In order to achieve the set goal of recording economic growth at between 6% - 6.5%, Luc underlines the importance of the Government’s determination to implement the "multi-objectives" by combating the pandemic, reviving the national economy, ensuring health care capacity, and withstanding external shocks. This is along with taking full advantage of opportunities to overcome challenges both during and after the pandemic.
The economic expert also emphasizes the need to fine-tune the legal system and substantially improve the investment climate to remove barriers faced by businesses as soon as possible.
He stresses the necessity of supporting businesses in digital transformation and creating conditions in which a number of large enterprises can take the lead in connecting value chains.

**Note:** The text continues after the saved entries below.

Lemma psi_le_zeta (x : R) : 0 <= x -> psi x <= zeta g x.
Proof.
  assert (0 <= g) by lra.
  apply (wronskian_comparison (zeta g) (zeta1 g) (zeta2 g) psi psi1 (fun t => Wt g t * psi t));
    auto using is_derive_psi, is_derive_psi1, is_derive_zeta, is_derive_zeta1.
  - intros t. pose proof (psi_ge_1 t). lra.
  - intros t.
    replace (zeta2 g t * psi t - zeta g t * (Wt g t * psi t))
      with (- psi t * (Wt g t * zeta g t - zeta2 g t)) by ring.
    pose proof (psi_ge_1 t). pose proof (zeta_defect_nonpos t). nra.
  - now rewrite psi_0, zeta_0.
  - now rewrite psi1_0, zeta1_0.
Qed.

Lemma Rpower_g_plus_1 (x : R) : 0 < x -> Rpower x (g + 1) = Rpower (x ^ 2) ((g + 1) / 2).
Proof. intros Hx. rewrite Rpower_sqr by exact Hx. f_equal. field. Qed.

Lemma power_le_psi (x : R) : 1 <= x ->
  Rpower ((2 * g - 1) / g) ((g + 1) / 2) * Rpower x (g + 1) <= psi x.
Proof.
  intros Hx. set (m := (2 * g - 1) / g). assert (Hm : 0 < m) by (apply Rdiv_lt_0_compat; lra).
  rewrite Rpower_g_plus_1, Rpower_mult_distr by (try apply pow_lt; lra).
  eapply Rle_trans; [|apply zeta_le_psi; lra].
  apply Rle_Rpower_l; [lra|].
  split; [apply Rmult_lt_0_compat; [exact Hm | apply pow_lt; lra] | unfold m; lra].
Qed.

Lemma psi_le_power (x : R) : 1 <= x ->
  psi x <= Rpower (1 + g) ((g + 1) / 2) * Rpower x (g + 1).
Proof.
  intros Hx. rewrite Rpower_g_plus_1, Rpower_mult_distr by (try apply pow_lt; lra).
  eapply Rle_trans; [apply psi_le_zeta; lra|].
  apply Rle_Rpower_l; [lra|]. split; nra.
Qed.

(* The Wronskian of [psi] and [x ^ (g + 1)], the latter solving [y'' = g (g + 1) y / x ^ 2]. *)
Definition wr (x : R) : R := psi1 x * Rpower x (g + 1) - (g + 1) * Rpower x g * psi x.

Lemma is_derive_wr (x : R) : 0 < x ->
  is_derive wr x (- (g * (g + 1)) * psi x * Rpower x (g - 1) / (1 + x ^ 2)).
Proof.
  intros Hx.
  assert (D := is_derive_minus (V := R_NormedModule) _ _ x _ _
     (is_derive_mult_R psi1 (fun t => Rpower t (g + 1)) x _ _
        (is_derive_psi1 x) (is_derive_Rpower_id (g + 1) x Hx))
     (is_derive_mult_R (fun t => (g + 1) * Rpower t g) psi x _ _
        (is_derive_scal (fun t => Rpower t g) x (g + 1) _ (is_derive_Rpower_id g x Hx))
        (is_derive_psi x))).
  assert (E1 : Rpower x (g + 1) = Rpower x (g - 1) * x ^ 2)
    by (rewrite <- Rpower_plus_pow by exact Hx; f_equal; simpl; ring).
  assert (E2 : Rpower x g = Rpower x (g - 1) * x ^ 1)
    by (rewrite <- Rpower_plus_pow by exact Hx; f_equal; simpl; ring).
  replace (- (g * (g + 1)) * psi x * Rpower x (g - 1) / (1 + x ^ 2))
    with (Wt g x * psi x * Rpower x (g + 1) + psi1 x * ((g + 1) * Rpower x (g + 1 - 1))
          - ((g + 1) * (g * Rpower x (g - 1)) * psi x + (g + 1) * Rpower x g * psi1 x));
    [exact D|].
  replace (g + 1 - 1) with g by ring. rewrite E1, E2. unfold Wt. field. nra.
Qed.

FTAs - momentum for Vietnam’s economy
An automobile production line at a Toyota Motor Vietnam factory in the northern province of Vinh Phuc. Photo: VNA |
Bilateral and multilateral free trade agreements (FTAs), including the Regional Comprehensive Economic Partnership (RCEP) which took effect from January 1, are expected to become a new momentum promoting Vietnam's economic growth in 2022, VietnamPlus said.
Experts, however, said that enterprises need to proactively improve their competitiveness and self-innovate in order to meet the process of international economic integration and fully tap opportunities in the new context, thus enabling them to go faster and further in the future.
Looking back at 2021, Vietnamese brands continued to gain a foothold on the world commodity map, enjoying a trade surplus of $4 billion, despite difficulties caused by the pandemic.
One of the catalysts for this spectacular achievement was FTAs, especially new generation ones.
Accordingly, the FTAs that Vietnam has signed with its partners have been opening the door for the Southeast Asian nation to integrate further into the global value chain and production network.
The new-generation FTAs, such as the CPTPP, the EU-Vietnam FTA (EVFTA) and the UK-Vietnam FTA (UKVFTA), are being implemented comprehensively and effectively.
The Ministry of Industry and Trade (MoIT) said the EVFTA, which came into effect on August 1, 2020, has created a huge boost for Vietnam’s exports, helping the country’s export turnover to the EU hit about $40.07 billion, up 14%.
As many as 201,846 EUR.1 certificates of origin (C/O) were issued in 2021 for Vietnamese exports worth $7.8 billion to 27 EU member countries, the ministry added.
Notably, enterprises exporting goods to the EU also perform self-certification of origin for 5,217 shipments valued at more than $16.5 million enjoying preferential tariffs under the EVFTA. This shows that many Vietnamese businesses have paid attention to taking advantage of opportunities from the EU's tariff reduction under the deal.
Besides, the UKVFTA, which was implemented from the beginning of 2021, also helped the two-way trade between Vietnam and the UK reach nearly $6.6 billion. The import and export values both increased by double digits to 24.1% and 15.4%, respectively.
Regarding the CPTPP, Vietnam’s exports to Canada and Mexico where Vietnam has just had FTAs with, respectively expanded by 19.5% and 46.1%.
However, in order to increase competitiveness in the markets that Vietnam signed FTAs with, a representative of the MoIT’s Import-Export Department said that businesses need to pay special heed to quality, food safety and hygiene, technical barriers, rules of origin and brand development.
In 2022, the MoIT will focus on effectively implementing the FTAs that Vietnam has joined, especially a plan for implementing new-generation ones, towards a more balanced import-export, ensuring stable markets for Vietnam’s exports./.